A Philadelphia man was exonerated Monday after serving 17 years behind bars in connection with a 2006 murder.
David Sparks, 34, was expected to be freed from state prison in the hours after the decision, the District Attorney’s Office said.
He had been serving a life sentence without the possibility of parole after being convicted in 2008 of murdering 19-year-old Gary Hall in Nicetown.
But the DAO, arguing in favor of the exoneration, said prosecutors in the original case withheld police evidence from Sparks’s attorneys that implicated two other men in the killing. Court of Common Pleas Court Judge Scott DiClaudio agreed to vacate the sentence.
Hall was fatally shot in September 2006 on the 1700 block of Wingohocking Street, according to court records. Officers apprehended Sparks, then 16, nearby for a curfew violation, and he has been incarcerated ever since.
Homicide detectives suppressed witness statements pointing to Ivan Simmons and his brother, identified in a 2018 Inquirer article as Marquise Lawrence, as the shooters, according to the DAO.
Ballistic evidence also linked the gun used in Hall’s murder to the fatal shooting of Larres Curry, who was gunned down a block away a few days prior, prosecutors said. Police believed Simmons and Lawrence to be suspects in Curry’s death.
None of that information was shared during Sparks’s initial trial, and Simmons was shot and killed in December 2016, the DAO said.

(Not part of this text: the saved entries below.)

(* Let k be the length of the cycle C and n = |V|.  Walking around C and
   reaching each of the n - k remaining vertices by a detour out and back along
   an edge leaving the visited set gives a tour of length at most 2n - k.
   Alternatively, give the edges of C a bit that starts anywhere and flips at
   every vertex of odd degree in T; either bit class makes all degrees of
   T + class even, and the smaller class has at most k/2 edges, so T plus it has
   an Euler tour of length at most n - 1 + k/2.  The minimum of the two bounds
   is at most 4n/3. *)

Section Detours.
Variable V : finType.
Variable e : rel V.
Hypothesis e_sym : symmetric e.
Hypothesis e_conn : connected_graph e.

Lemma path_exit (S : pred V) x p : path e x p -> S x -> ~~ S (last x p) ->
  exists y u, [/\ S y, ~~ S u & e y u].
Proof.
elim: p x => [|z p IH] x /=; first by move=> _ ->.
case/andP=> exz pz Sx nS.
case Sz: (S z); first exact: IH pz Sz nS.
by exists x, z; rewrite Sz.
Qed.

Lemma closed_walk_detour x0 w v : path e x0 w -> last x0 w = x0 -> v \notin x0 :: w ->
  exists w', [/\ path e x0 w', last x0 w' = x0, size w' = (size w).+2 &
     #|[predC x0 :: w']| < #|[predC x0 :: w]|].
Proof.
move=> pw lw vw; have /connectP [p pp lp] := e_conn x0 v.
have [y [u [yw uw eyu]]] : exists y u, [/\ y \in x0 :: w, u \notin x0 :: w & e y u].
  by apply: (path_exit pp); rewrite ?mem_head -?lp.
case/splitPl: yw pw lw uw => w1 w2 ly; rewrite cat_path last_cat => /andP [p1 p2] lw uw.
exists (w1 ++ u :: y :: w2); split.
- by rewrite cat_path p1 /= ly eyu e_sym eyu -ly p2.
- by rewrite last_cat /= -ly.
- by rewrite !size_cat /= !addnS.
apply: proper_card; apply/properP; split.
  apply/subsetP => z; rewrite !inE !mem_cat !in_cons.
  by apply: contra => /or3P [] ->; rewrite ?orbT.
by exists u; move: uw; rewrite !inE ?mem_cat ?inE ?eqxx ?orbT.
Qed.
Lemma is_dcycle_frel_in A :
  is_dcycle frel_in A <-> exists2 v, v \in D & A = frel_edges (forbit v).
Proof.
split=> [[[|x p] [// _ _ cp ->]] | [v vD ->]].
  have xD : x \in D by move: cp; case: p => [|y p] /= /andP[/andP[] //].
  have fcp : fcycle s (x :: p).
    by apply: sub_cycle cp => u w /andP[_ /eqP ->] /=.
  exists x => //; apply/setP => e.
  rewrite in_set (mem_zip_rot1_fcycle _ _ fcp) // mem_frel_edges in_set.
  by rewrite (fconnect_cycle fcp (mem_head x p)).
have orbit_n0 : fingraph.orbit s v != [::].
  by case: (fingraph.orbit s v) (fingraph.in_orbit s v).
exists (fingraph.orbit s v); split => //.
- apply: (sub_in_cycle (P := [in D])); last exact: cycle_orbit.
    by move=> x y xD _ /eqP <-; rewrite /frel_in xD eqxx.
  apply/allP => w; rewrite -fconnect_orbit => vw.
  by apply: (subsetP (forbit_sub vD)); rewrite inE.
- apply/setP => e; rewrite inE (mem_zip_rot1_fcycle _ _ (cycle_orbit s_inj v)) //.
  by rewrite mem_frel_edges inE fconnect_orbit.
Qed.

End FunctionalDigraph.

Lemma CGstabJ (T : finType) (G : {group {perm T}}) p z :
  p \in 'N(G) -> CGstab G (p z) = CGstab G z :^ p.
Proof.
move=> nGp; rewrite /CGstab conjIg -centJ (normP nGp).
by rewrite conjIg (normP nGp) -astab1_act.
Qed.

Lemma CGstab_conj_eq (T : finType) (G : {group {perm T}}) r k m1 m2 :
  k \in CGstab G r -> m1 * m2^-1 \in G -> m1 r = m2 r -> k ^ m1 = k ^ m2.
Proof.
move=> /setIP[_ /centP kC] mG m12r.
have m_stab : m1 * m2^-1 \in 'C_G[r | 'P].
  by rewrite inE mG; apply/astab1P; rewrite /= /aperm permM m12r permK.
rewrite -[m1](mulgKV m2) conjgM; congr (_ ^ _).
by rewrite /conjg (kC _ m_stab) mulKg.
Qed.

Section Representatives.
Variables (T : finType) (G : {group {perm T}}) (rep : T -> T) (g : T -> {perm T}).
Hypothesis rep_orbit : forall y, rep y \in orbit 'P G y.
Hypothesis rep_eq : forall y y', y' \in orbit 'P G y -> rep y' = rep y.
Hypothesis g_spec : forall y, g y \in G /\ g y (rep y) = y.

Local Notation R := (reps rep).

Lemma g_mem y : g y \in G. Proof. exact: (g_spec y).1. Qed.

Lemma g_rep y : g y (rep y) = y. Proof. exact: (g_spec y).2. Qed.

Lemma invg_g y : (g y)^-1 y = rep y.
Proof. by have := permK (g y) (rep y); rewrite g_rep. Qed.

Lemma rep_act k y : k \in G -> rep (k y) = rep y.
Proof. by move=> kG; apply: rep_eq; apply/orbitP; exists k. Qed.

Lemma rep_idem y : rep (rep y) = rep y.
Proof. exact: rep_eq (rep_orbit y). Qed.

Lemma mem_reps x : (x \in R) = (rep x == x).
Proof.
apply/imsetP/eqP => [[y _ ->] | <-]; first exact: rep_idem.
by exists x.
Qed.

Lemma rep_in_reps y : rep y \in R.
Proof. by rewrite mem_reps rep_idem. Qed.

Lemma reps_rep x : x \in R -> rep x = x.
Proof. by rewrite mem_reps => /eqP. Qed.

Lemma rep_norm p y : p \in 'N(G) -> rep (p (rep y)) = rep (p y).
Proof.
move=> nGp; case/orbitP: (rep_orbit y) => k kG <-.
have -> : p (k y) = (k ^ p) (p y) by rewrite conjgE !permM permK.
by rewrite rep_act // memJ_norm.
Qed.

Lemma CGstab_transport k y p : p \in 'N(G) ->
  k \in CGstab G (rep y) -> (k ^ g y) ^ p \in CGstab G (p y).
Proof.
move=> nGp kC; rewrite (CGstabJ _ nGp) memJ_conjg.
have nGg : g y \in 'N(G) by rewrite (subsetP (normG G)) ?g_mem.
by rewrite -[in CGstab G y](g_rep y) (CGstabJ _ nGg) memJ_conjg.
Qed.

Lemma foldersP (L : {ffun T -> {perm T}}) :
  reflect (forall x, if x \in R then L x \in CGstab G x else L x == 1)
          (L \in folders G rep).
Proof. by rewrite inE; apply: (iffP forallP). Qed.

Lemma fol_actE (L : {ffun T -> {perm T}}) p x : fol_act rep g L p x =
  if x \in R then (L (rep (p^-1 x)) ^ g (p^-1 x)) ^ p else 1.
Proof. by rewrite ffunE /= invg_g. Qed.

Lemma fol_act_folders (L : {ffun T -> {perm T}}) p :
  L \in folders G rep -> p \in 'N(G) -> fol_act rep g L p \in folders G rep.
Proof.
move=> /foldersP LY nGp; apply/foldersP => x; rewrite fol_actE.
case: (x \in R) => //.
have := LY (rep (p^-1 x)); rewrite rep_in_reps => /(CGstab_transport nGp).
by rewrite permKV.
Qed.

Lemma fol_act1 (L : {ffun T -> {perm T}}) :
  L \in folders G rep -> fol_act rep g L 1 = L.
Proof.
move=> /foldersP LY; apply/ffunP => x; rewrite fol_actE invg1 perm1 conjg1.
have := LY x; case: (boolP (x \in R)) => [xR | _ /eqP -> //].
rewrite reps_rep // => Lx.
rewrite (CGstab_conj_eq (m2 := 1) Lx) ?conjg1 ?invg1 ?mulg1 ?g_mem ?perm1 //.
by have := g_rep x; rewrite reps_rep.
Qed.

Lemma fol_actM (L : {ffun T -> {perm T}}) a b :
  L \in folders G rep -> a \in 'N(G) -> b \in 'N(G) ->
  fol_act rep g L (a * b) = fol_act rep g (fol_act rep g L a) b.
Proof.
move=> /foldersP LY nGa nGb; apply/ffunP => w; rewrite !fol_actE.
case: (w \in R) => //; rewrite rep_in_reps invMg permM.
set u := b^-1 w; set y := a^-1 u; set v := a^-1 (rep u).
have rv : rep v = rep y by rewrite /v /y rep_norm ?groupV.
have := LY (rep y); rewrite rep_in_reps rv -!conjgM => Ly.
apply: (CGstab_conj_eq Ly).
  rewrite !invMg !mulgA mulgK.
  have -> : g y * a * (g u)^-1 * a^-1 = g y * ((g u)^-1 ^ a^-1).
    by rewrite conjgE invgK !mulgA.
  by rewrite groupM ?groupV ?g_mem // groupM ?g_mem // memJ_norm ?groupV ?g_mem.
by rewrite !permM g_rep -rv g_rep /v /y !permKV g_rep /u permKV.
Qed.

Lemma fol_actK (L : {ffun T -> {perm T}}) a :
  L \in folders G rep -> a \in 'N(G) -> fol_act rep g (fol_act rep g L a) a^-1 = L.
Proof. by move=> LY nGa; rewrite -fol_actM ?groupV // mulgV fol_act1. Qed.

(* N(G) acts on folders only; extending by the identity elsewhere gives an
   action on the whole type, as [Frobenius_Cauchy] requires. *)
Definition folders_act (L : {ffun T -> {perm T}}) (a : {perm T}) :=
  if (L \in folders G rep) && (a \in 'N(G)) then fol_act rep g L a else L.

Lemma folders_act_is_action : is_action 'N(G) folders_act.
Proof.
split=> [a L1 L2 | L a b nGa nGb]; rewrite /folders_act.
  case: (boolP (a \in 'N(G))) => [nGa | _]; rewrite ?andbT ?andbF //.
  case: (boolP (L1 \in _)) => Y1; case: (boolP (L2 \in _)) => Y2 // eqL.
  - by rewrite -(fol_actK Y1 nGa) eqL fol_actK.
  - by case/negP: Y2; rewrite -eqL fol_act_folders.
  - by case/negP: Y1; rewrite eqL fol_act_folders.
rewrite nGa nGb groupM // !andbT.
case: (boolP (L \in _)) => LY; last by rewrite (negbTE LY).
by rewrite fol_act_folders //= fol_actM.
Qed.

Definition folders_action := Action folders_act_is_action.

Lemma acts_folders : [acts 'N(G), on folders G rep | folders_action].
Proof.
apply/subsetP => a nGa; rewrite inE nGa inE /=; apply/subsetP => L LY.
by rewrite inE /= /folders_act LY nGa fol_act_folders.
Qed.

Lemma Fix_folders a :
  a \in 'N(G) -> 'Fix_(folders G rep | folders_action)[a] = fol_fix G rep g a.
Proof.
move=> nGa; apply/setP => L; rewrite in_setI [RHS]inE.
by case LY: (L \in _) => //=; rewrite inE sub1set inE /= /folders_act LY nGa.
Qed.

Lemma orbits_folders :
  [set orbit folders_action 'N(G) L | L in folders G rep] = fol_orbits G rep g.
Proof.
apply: eq_in_imset => L LY; apply: eq_in_imset => a nGa.
by rewrite /= /folders_act LY nGa.
Qed.

Lemma sum_card_fol_fix :
  \sum_(f in 'N(G)) #|fol_fix G rep g f| = (#|fol_orbits G rep g| * #|'N(G)|)%N.
Proof.
rewrite -orbits_folders -(Frobenius_Cauchy acts_folders).
by apply: eq_bigr => a nGa; rewrite Fix_folders.
Qed.

Section FixedFolders.
Variables (f : {perm T}) (C : {set T}).
Hypotheses (nGf : f \in 'N(G)) (hC : cycle_reps rep f C).

Local Notation fb := (fbar rep f).
Local Notation V := (T * {perm T})%type.
Local Notation GV := (gvert G rep).

Lemma fbar_preim u : u \in R -> rep (f^-1 (fb u)) = u.
Proof. by move=> uR; rewrite /fbar rep_norm ?groupV // permK reps_rep. Qed.

Lemma fbar_rep_preim w : w \in R -> fb (rep (f^-1 w)) = w.
Proof. by move=> wR; rewrite /fbar rep_norm // permKV reps_rep. Qed.

Lemma fbar_inj : {in R &, injective fb}.
Proof. by move=> u w uR wR e; rewrite -(fbar_preim uR) -(fbar_preim wR) e. Qed.

Lemma fcyc_reps x w : x \in R -> w \in fcyc rep f x -> w \in R.
Proof.
by rewrite inE => xR /iter_findex <-; case: findex => //= n; apply: rep_in_reps.
Qed.

Lemma fcyc_sym x w : x \in R -> w \in fcyc rep f x -> x \in fcyc rep f w.
Proof.
move=> xR xw; have wR := fcyc_reps xR xw; move: xw; rewrite !inE.
by rewrite (fconnect_sym_in (fun y _ => rep_in_reps (f y)) fbar_inj).
Qed.

(* Being the identity off the vertex set keeps [gsucc] injective. *)
Definition gsucc (v : V) : V :=
  if v \in GV then (fb v.1, (v.2 ^ g (f^-1 (fb v.1))) ^ f) else v.

Lemma gvertE (v : V) : (v \in GV) = (v.1 \in R) && (v.2 \in CGstab G v.1).
Proof. by rewrite inE. Qed.

Lemma gsucc1 v : v \in GV -> (gsucc v).1 = fb v.1.
Proof. by rewrite /gsucc => ->. Qed.

Lemma gsucc_gvert v : (gsucc v \in GV) = (v \in GV).
Proof.
rewrite /gsucc; case: ifP => // /[dup] vG; rewrite !gvertE rep_in_reps => /andP[vR vC].
apply/idP; have := CGstab_transport (y := f^-1 (fb v.1)) nGf.
by rewrite fbar_preim // permKV; apply.
Qed.

Lemma gsucc_inj : injective gsucc.
Proof.
have gsuccK u w : u \in GV -> w \in GV -> gsucc u = gsucc w -> u = w.
  move=> uG wG; rewrite /gsucc uG wG; case: u w uG wG => [u1 u2] [w1 w2].
  rewrite !gvertE /= => /andP[u1R _] /andP[w1R _] [/(fbar_inj u1R w1R) e1].
  by rewrite e1 => /conjg_inj /conjg_inj ->.
move=> u w; case: (boolP (u \in GV)) => uG; case: (boolP (w \in GV)) => wG.
- exact: gsuccK.
- by move=> e; move: wG; rewrite -gsucc_gvert -e gsucc_gvert uG.
- by move=> e; move: uG; rewrite -gsucc_gvert e gsucc_gvert wG.
- by rewrite /gsucc (negbTE uG) (negbTE wG).
Qed.

Lemma iter_gsucc1 v n : v \in GV -> (iter n gsucc v).1 = iter n fb v.1.
Proof.
move=> vG; have iterG m : iter m gsucc v \in GV by elim: m => //= m; rewrite gsucc_gvert.
by elim: n => //= n IH; rewrite gsucc1 ?IH.
Qed.

Lemma gedgeE : gedge G rep g f =2 frel_in gsucc GV.
Proof.
move=> u v; rewrite /gedge /frel_in; case: (boolP (u \in GV)) => //= uG.
have uR : u.1 \in R by move: uG; rewrite gvertE => /andP[].
rewrite invg_g; apply/idP/eqP => [/andP[vG /andP[/eqP e1 /eqP e2]] | ->].
  have ev1 : v.1 = fb u.1.
    by rewrite e1 fbar_rep_preim //; move: vG; rewrite gvertE => /andP[].
  by rewrite /gsucc uG [v]surjective_pairing e2 ev1.
by rewrite gsucc_gvert uG gsucc1 // fbar_preim // /gsucc uG !eqxx.
Qed.

Lemma is_dcycle_gedge A : is_dcycle (gedge G rep g f) A <->
  exists2 v, v \in GV & A = frel_edges gsucc (forbit gsucc v).
Proof.
rewrite -(is_dcycle_frel_in gsucc_inj gsucc_gvert).
by split=> -[s [s0 us cs ->]]; exists s; rewrite ?(eq_cycle gedgeE) in cs *.
Qed.

Lemma folder_gvert (L : {ffun T -> {perm T}}) u :
  L \in folders G rep -> u \in R -> (u, L u) \in GV.
Proof. by move=> /foldersP LY uR; rewrite gvertE /= uR; have := LY u; rewrite uR. Qed.

Lemma mem_fol_fix (L : {ffun T -> {perm T}}) : L \in fol_fix G rep g f <->
  L \in folders G rep /\ forall u, u \in R -> gsucc (u, L u) = (fb u, L (fb u)).
Proof.
split=> [| [LY fixL]].
  rewrite inE => /andP[LY /eqP fixL]; split=> // u uR.
  have := congr1 (fun M : {ffun T -> {perm T}} => M (fb u)) fixL.
  by rewrite fol_actE rep_in_reps fbar_preim // /gsucc folder_gvert // => <-.
rewrite inE LY; apply/eqP/ffunP => w; rewrite fol_actE.
case: (boolP (w \in R)) => wR; last by move/foldersP: LY => /(_ w); rewrite (negbTE wR) => /eqP.
have := fixL _ (rep_in_reps (f^-1 w)).
by rewrite /gsucc folder_gvert ?rep_in_reps //= fbar_rep_preim // => -[].
Qed.

Lemma iter_gsucc_fix (L : {ffun T -> {perm T}}) u n :
  L \in fol_fix G rep g f -> u \in R ->
  iter n gsucc (u, L u) = (iter n fb u, L (iter n fb u)).
Proof.
case/mem_fol_fix => _ fixL uR; elim: n => //= n ->.
by rewrite fixL //; case: n => //= n; apply: rep_in_reps.
Qed.

Lemma forbit_fix (L : {ffun T -> {perm T}}) x :
  L \in fol_fix G rep g f -> x \in R ->
  forbit gsucc (x, L x) = [set (w, L w) | w in fcyc rep f x].
Proof.
move=> Lfix xR; apply/setP => v; rewrite inE; apply/idP/imsetP => [xv | [w]].
  exists (iter (findex gsucc (x, L x) v) fb x); first by rewrite inE fconnect_iter.
  by rewrite -iter_gsucc_fix // iter_findex.
by rewrite inE => /iter_findex <- ->; rewrite -iter_gsucc_fix // fconnect_iter.
Qed.
(* If a CCCP configuration $\mathcal C$ is well-formed and $\mathcal C\to\mathcal C'$, then $\mathcal C'$ is well-formed.
   Context: CCCP syntax. Fix a set of channels (ranged over by $c,d$) and a set of values containing data variables $x,y$ and a special error value $\mathtt{err}$; closed values $v,w$ contain no variables, and each closed value $v$ has a transmission time $\delta_v\in\mathbb{N}$ with $\delta_v\ge 1$. Expressions $e$ are built from values; closed expressions evaluate to closed values via $[\![e]\!]$. Station code (processes) is given by $P,Q ::= c!\langle e\rangle.P \mid \lfloor ?c(x).P\rfloor Q \mid \sigma.P \mid \tau.P \mid P+Q \mid [b]P,Q \mid X \mid \mathbf{0} \mid \mathrm{fix}\,X.P$, where $b$ is either $e_1=e_2$ or $\mathrm{exp}(c)$, $[b]P,Q$ is a conditional (then-branch $P$, else-branch $Q$), $\lfloor ?c(x).P\rfloor Q$ is a receiver on $c$ with timeout branch $Q$ ($x$ bound in $P$), $\sigma.P$ is a one-unit delay and $\sigma^n.P$ denotes $n$ nested delays. System terms are $W ::= P \mid \lfloor ?c(x).P\rfloor \mid W_1|W_2 \mid \nu c{:}(n,v).W$, where $\lfloor ?c(x).P\rfloor$ is an active receiver ($x$ bound in $P$) and $\nu c{:}(n,v).W$ restricts $c$ with local channel state $(n,v)$. In $\mathrm{fix}\,X.P$ every occurrence of $X$ in $P$ is guarded, i.e. lies within a broadcast prefix, a receiver continuation, a timeout branch, a $\sigma$-prefix, or a branch of a conditional. Terms are identified up to $\alpha$-conversion. A channel environment is a map $\Gamma$ from channels to $\mathbb{N}\times$(closed values); write $\Gamma\vdash_t c:n$ and $\Gamma\vdash_v c:w$ when $\Gamma(c)=(n,w)$; $c$ is idle in $\Gamma$ if $\Gamma\vdash_t c:0$ and exposed otherwise; $\Gamma[c\mapsto(n,v)]$ is $\Gamma$ updated at $c$; $\Gamma\le\Gamma'$ iff for every $c$, $\Gamma\vdash_t c:n$ and $\Gamma'\vdash_t c:m$ imply $n\le m$. A configuration $\Gamma\triangleright W$ is a channel environment together with a closed system term (no free data or process variables). Intensional semantics. Actions $\lambda$ are $c!v$, $c?v$, $\sigma$, $\tau$. The environment update $\lambda(\Gamma)$ is: $\sigma(\Gamma)(c)=(\max(n-1,0),w)$ whenever $\Gamma(c)=(n,w)$; $c!v(\Gamma)$ agrees with $\Gamma$ except at $c$, where it is $(\delta_v,v)$ if $c$ is idle in $\Gamma$ and $(\max(\delta_v,n),\mathtt{err})$ if $\Gamma\vdash_t c:n>0$; $c?v(\Gamma)=c!v(\Gamma)$; $\tau(\Gamma)=\Gamma$. The predicate $\mathrm{rcv}(W,c)$ on terms is: true for $\lfloor ?d(x).P\rfloor Q$ iff $d=c$; $\mathrm{rcv}(P+Q,c)=\mathrm{rcv}(P,c)\vee\mathrm{rcv}(Q,c)$; $\mathrm{rcv}(\mathrm{fix}\,X.P,c)=\mathrm{rcv}(P,c)$; $\mathrm{rcv}(W_1|W_2,c)=\mathrm{rcv}(W_1,c)\vee\mathrm{rcv}(W_2,c)$; $\mathrm{rcv}(\nu d{:}(n,v).W,c)=\mathrm{rcv}(W,c)$ (with $d\neq c$ by $\alpha$-conversion); false for all other forms (broadcasts, $\tau.P$, $\sigma.P$, conditionals, $X$, $\mathbf 0$, active receivers). Then $\mathrm{rcv}(\Gamma\triangleright W,c)$ holds iff $c$ is idle in $\Gamma$ and $\mathrm{rcv}(W,c)$. Transitions $\Gamma\triangleright W\xrightarrow{\lambda}W'$ are the least relation closed under: (Snd) $[\![e]\!]=v$ implies $\Gamma\triangleright c!\langle e\rangle.P\xrightarrow{c!v}\sigma^{\delta_v}.P$; (Rcv) $c$ idle in $\Gamma$ implies $\Gamma\triangleright\lfloor ?c(x).P\rfloor Q\xrightarrow{c?v}\lfloor ?c(x).P\rfloor$; (RcvIgn) $\neg\mathrm{rcv}(\Gamma\triangleright W,c)$ implies $\Gamma\triangleright W\xrightarrow{c?v}W$; (Sync) $\Gamma\triangleright W_1\xrightarrow{c!v}W_1'$ and $\Gamma\triangleright W_2\xrightarrow{c?v}W_2'$ imply $\Gamma\triangleright W_1|W_2\xrightarrow{c!v}W_1'|W_2'$, and symmetrically; (RcvPar) $\Gamma\triangleright W_i\xrightarrow{c?v}W_i'$ for $i=1,2$ imply $\Gamma\triangleright W_1|W_2\xrightarrow{c?v}W_1'|W_2'$; (TimeNil) $\Gamma\triangleright\mathbf 0\xrightarrow{\sigma}\mathbf 0$; (Sleep) $\Gamma\triangleright\sigma.P\xrightarrow{\sigma}P$; (ActRcv) $\Gamma\vdash_t c:n$, $n>1$ imply $\Gamma\triangleright\lfloor ?c(x).P\rfloor\xrightarrow{\sigma}\lfloor ?c(x).P\rfloor$; (EndRcv) $\Gamma\vdash_t c:1$, $\Gamma\vdash_v c:w$ imply $\Gamma\triangleright\lfloor ?c(x).P\rfloor\xrightarrow{\sigma}\{w/x\}P$; (Timeout) $c$ idle in $\Gamma$ implies $\Gamma\triangleright\lfloor ?c(x).P\rfloor Q\xrightarrow{\sigma}Q$; (RcvLate) $c$ exposed in $\Gamma$ implies $\Gamma\triangleright\lfloor ?c(x).P\rfloor Q\xrightarrow{\tau}\lfloor ?c(x).\{\mathtt{err}/x\}P\rfloor$; (Tau) $\Gamma\triangleright\tau.P\xrightarrow{\tau}P$; (Then)/(Else) $\Gamma\triangleright[b]P,Q\xrightarrow{\tau}\sigma.P$ if $[\![b]\!]_\Gamma$ is true and $\xrightarrow{\tau}\sigma.Q$ otherwise, where $[\![e_1=e_2]\!]_\Gamma$ is true iff $[\![e_1]\!]=[\![e_2]\!]$ and $[\![\mathrm{exp}(c)]\!]_\Gamma$ is true iff $c$ is exposed in $\Gamma$; (TimePar) $\Gamma\triangleright W_i\xrightarrow{\sigma}W_i'$ for $i=1,2$ imply $\Gamma\triangleright W_1|W_2\xrightarrow{\sigma}W_1'|W_2'$; (TauPar) $\Gamma\triangleright W_1\xrightarrow{\tau}W_1'$ implies $\Gamma\triangleright W_1|W_2\xrightarrow{\tau}W_1'|W_2$, and symmetrically; (Rec) $\Gamma\triangleright\{\mathrm{fix}\,X.P/X\}P\xrightarrow{\lambda}W$ implies $\Gamma\triangleright\mathrm{fix}\,X.P\xrightarrow{\lambda}W$; (Sum) for $\lambda\in\{\tau,c!v\}$, $\Gamma\triangleright P\xrightarrow{\lambda}W$ implies $\Gamma\triangleright P+Q\xrightarrow{\lambda}W$, and symmetrically; (SumTime) $\Gamma\triangleright P\xrightarrow{\sigma}P'$, $\Gamma\triangleright Q\xrightarrow{\sigma}Q'$ imply $\Gamma\triangleright P+Q\xrightarrow{\sigma}P'+Q'$; (SumRcv) $\Gamma\triangleright P\xrightarrow{c?v}W$ and $\mathrm{rcv}(\Gamma\triangleright P,c)$ imply $\Gamma\triangleright P+Q\xrightarrow{c?v}W$, and symmetrically; (ResI) $\Gamma[c\mapsto(n,v)]\triangleright W\xrightarrow{c!w}W'$ implies $\Gamma\triangleright\nu c{:}(n,v).W\xrightarrow{\tau}\nu c{:}(c!w(\Gamma[c\mapsto(n,v)]))(c).W'$; (ResV) $\Gamma[c\mapsto(n,v)]\triangleright W\xrightarrow{\lambda}W'$ with $c$ not occurring in $\lambda$ implies $\Gamma\triangleright\nu c{:}(n,v).W\xrightarrow{\lambda}\nu c{:}(\lambda(\Gamma[c\mapsto(n,v)]))(c).W'$. Reductions. $\Gamma\triangleright W\to\Gamma'\triangleright W'$ iff $\Gamma\triangleright W\xrightarrow{\lambda}W'$ for some $\lambda\in\{c!v,\sigma,\tau\}$ and $\Gamma'=\lambda(\Gamma)$; it is instantaneous ($\to_i$) if $\lambda\neq\sigma$ and timed ($\to_\sigma$) if $\lambda=\sigma$. Well-formedness. The set of well-formed configurations is the least set such that: $\Gamma\triangleright P$ is well-formed for every closed process $P$; $\Gamma\triangleright\lfloor ?c(x).P\rfloor$ is well-formed whenever $c$ is exposed in $\Gamma$; $\Gamma\triangleright W_1|W_2$ is well-formed whenever $\Gamma\triangleright W_1$ and $\Gamma\triangleright W_2$ are; $\Gamma\triangleright\nu c{:}(n,v).W$ is well-formed whenever $\Gamma[c\mapsto(n,v)]\triangleright W$ is. *)

(* Binders are represented with de Bruijn indices (this realises
   "terms are identified up to alpha-conversion"):
   - data variables x : index bound by receivers  ⌊?c(x).P⌋ ;
   - process variables X : index bound by fix ;
   - channels : free channels are natural numbers; nu c:(n,v).W binds
     channel index 0 inside W, and channel k+1 inside W denotes the
     outer channel k. *)
From Stdlib Require Import Arith List.
Set Implicit Arguments.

Some who witnessed Hall’s homicide told investigators that another man, Nick Walker, was also present during the shooting. Police did not interview Walker, but he discussed the crime while confessing to his role in a 2017 quadruple shooting, prosecutors said.
“This happened right after Ivan killed Gary,” Walker said, according to the DAO. “Money was on my head because I would hang with Ivan.”
The evidence against Sparks relied on inconsistent testimony from two witnesses, who were 14 and 16 years old at the time of the killing, the DAO said. In the years since the 2008 trials, one of the witnesses recanted her testimony, according to prosecutors.
Sparks’s case was profiled in a detailed Inquirer article two years ago, highlighting the plight of juvenile lifers who continue to fight their convictions.
The U.S. Supreme Court ruled that sentencing a minor to life-without-parole was unconstitutional and, in 2016, ordered that juvenile lifers already incarcerated be resentenced. However, that relief did not apply to those still claiming innocence, the report said.